The EU provides social protection for workers in three areas: working time; temporary work; and parental leave. Most workers have a maximum number of working hours, guaranteed breaks and protection against being forced to work long hours. Temporary workers are guaranteed the same basic conditions of work as full-time colleagues (except in respect of occupational social security) if they have been doing the same job for 12 weeks or more. Workers have a right to take up to three months parental leave for childcare purposes after the birth or adoption of a child until the child is a maximum of eight years of age (this is different from maternity rights).
Crime and justice
Crime knows no borders today as globalisation, ease of travel and the internet allow criminal activity to move around the world. The European Arrest Warrant (EAW) has been very important in bringing criminals to justice across Member State borders, preventing the long delays and sometimes politicised extradition processes seen in the recent past. The UK issued 220 EAWs in 2009, of which 80 were successfully executed. The average time taken to extradite a suspect within the EU who objects to extradition has fallen from around a year before the EAW to 48 days now. The UK’s independent review of extradition law in 2010/11, which looked at the working of the EAW, found that criticisms of the system were not well-founded.

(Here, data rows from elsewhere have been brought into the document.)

Definition pairLL (L : {set darc n}) : seq vec :=
  [seq br p.1 p.2 | p <- enum [set p : darc n * darc n |
      [&& p.1 \in L, p.2 \in dual L, p.1 != p.2 & br p.1 p.2 \in A]]].

End Setting.

From Pilot Require Import Defs.
From HB Require Import structures.
From mathcomp Require Import all_boot all_order all_algebra.
From mathcomp Require Import zify.
Set Implicit Arguments. Unset Strict Implicit. Unset Printing Implicit Defensive.
Import Order.TTheory GRing.Theory Num.Theory.
Local Open Scope ring_scope.

(* An arc e of E_x has x_e = 1/2, so its tail star contains exactly one other
   arc of E_x, its mate, and [e, mate e] is the projected tail star, a vector
   of D, hence of A.  Thus ~_A is reflexive on E_x, circuits are equivalence
   classes, and since every A-neighbour of L* lies in L, the mate map injects
   L* into L.
   If e2 is in L*, every vector of <L,L*> lies in the span of the at most
   2|L| - 1 vectors chi_e - chi_e1 for e in L \ e1 and chi_g + chi_e1 for g
   in L*; the dimension hypothesis makes the two spans equal, and [e1,e2] is
   one of these vectors.
   If e2 is not in L*, a linear functional vanishing on <L,L*> separates
   [e1,e2]: the indicator of L minus that of L* when e2 is in L (then L <> L*,
   so the two circuits are disjoint), the e2-coordinate otherwise. *)

Section SpanLinear.
Variables (K : fieldType) (vT : vectType K).

Lemma span_linear0 (f : {linear vT -> K^o}) (X : seq vT) v :
  {in X, forall u, f u = 0} -> v \in <<X>>%VS -> f v = 0.
Proof.
move=> fX /(@coord_span _ _ _ (in_tuple X)) ->.
rewrite linear_sum big1 // => i _; rewrite linearZ /= fX ?scaler0 //.
exact: mem_nth.
Qed.

Lemma span_sub_dim (U : {vspace vT}) (X : seq vT) :
  (U <= <<X>>)%VS -> (size X <= \dim U)%N -> (<<X>> <= U)%VS.
Proof.
move=> sUX leXU; have [_] := dimv_leqif_eq sUX.
have -> : \dim U == \dim <<X>>.
  by rewrite eqn_leq dimvS // (leq_trans (dim_span X)).
by move/esym/eqP ->.
Qed.

End SpanLinear.

Section WeightedSum.
Variables (T : finType) (R : fieldType) (w : T -> R).

Definition wsum (v : {ffun T -> R^o}) : R^o := \sum_e w e * v e.

Lemma wsum_is_linear : linear wsum.
Proof.
move=> a u v; rewrite /wsum scaler_sumr -big_split /=; apply: eq_bigr => e _.
by rewrite !ffunE mulrDr mulrCA.
Qed.

HB.instance Definition _ :=
  GRing.isLinear.Build R {ffun T -> R^o} R^o _ wsum wsum_is_linear.

End WeightedSum.

Section Circuits.
Variables (n : nat) (R : realFieldType) (x : darc n -> R) (A : pred (@vec n R)).
Hypotheses (x_out : forall u, xsum x (dout u) = 1) (x_half : half_integral x)
  (DA : {subset Dset x <= A})
  (A_DT : forall v, v \in A -> (v \in Dset x) || (v \in Tset x)).

Local Notation br := (@br n R).
Local Notation chi := (@chi n R).
Local Notation chi1 := (@chi1 n R).
Local Notation Ex := (Ex x).
Local Notation simA := (simA x A).
Local Notation circuit_of := (circuit_of x A).
Local Notation dual := (dual x A).
Local Notation pairLL := (pairLL x A).

Lemma chi1E a e : chi1 a e = (e == a)%:R.
Proof. by rewrite ffunE inE. Qed.

Lemma brE a b e : br a b e = (e == a)%:R + (e == b)%:R.
Proof. by rewrite ffunE !chi1E. Qed.

Lemma wsum_chi1 (w : darc n -> R) a : wsum w (chi1 a) = w a.
Proof.
rewrite /wsum (bigD1 a) //= chi1E eqxx mulr1 big1 ?addr0 // => e /negbTE ne.
by rewrite chi1E ne mulr0.
Qed.

Lemma wsum_br (w : darc n -> R) a b : wsum w (br a b) = w a + w b.
Proof. by rewrite linearD /= !wsum_chi1. Qed.

Lemma memA_Ex v e : v \in A -> e \notin Ex -> v e = 0.
Proof.
move=> /A_DT /orP [] /existsP [u] => [/orP [] | /andP [_]] /eqP -> eEx;
  by rewrite ffunE (negbTE eEx).
Qed.

Definition adjA (a b : darc n) := (a != b) && (br a b \in A).

Lemma adjAC a b : adjA a b = adjA b a.
Proof. by rewrite /adjA eq_sym /br addrC. Qed.

Lemma adjA_Ex a b : adjA a b -> (a \in Ex) && (b \in Ex).
Proof.
case/andP=> ab abA; have ba : (b == a) = false by rewrite eq_sym (negbTE ab).
apply/andP; split; apply/negPn/negP => eEx; have := memA_Ex abA eEx;
  by rewrite brE eqxx ?(negbTE ab) ?ba => /eqP; rewrite ?addr0 ?add0r oner_eq0.
Qed.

EU police and borders co-operation hampers the movement of criminals whilst protecting the movement of law-abiding citizens. This work is focused on cross-border crime, such as drug and people smuggling and terrorism.
Like crime, pollution crosses boundaries and the sea is shared by all coastal nations. It isn’t possible to tackle climate change at national level alone. The EU has been involved in environmental work almost from the outset, not least because of the economic benefits of environmental improvement.
EU measures have raised the quality of beaches by tackling bathing water pollution, to deal with river pollution on the continent and to protect natural habitats. Tourism has benefited from the clean up of beaches at home and abroad (of the 596 UK beaches tested in 2010, 96.8% met the EU’s mandatory water quality standards).
The EU has taken a leading role in measures to combat climate change. Its members have agreed to binding targets of a 20 per cent reduction in greenhouse-gas emissions, a 20 per cent increase in the use of renewable energy over the same period and a 20 per cent improvement in energy efficiency – all by 2020.
Education is the responsibility of EU Member States but the EU supports cross-border projects with the aim of raising the standard of education and training in the EU in order to improve Europe’s competitiveness.
One of the EU’s most popular programmes is the university mobility scheme ERASMUS, which enables students and staff to study or work at another higher education institution in the EU. Over 7,000 British students went universities elsewhere in the EU in 2008/09 and 16,000 students from other EU countries came to the UK in the same year. A similar programme, named after Leonardo da Vinci, enables people and organisations to pursue vocational training projects across borders.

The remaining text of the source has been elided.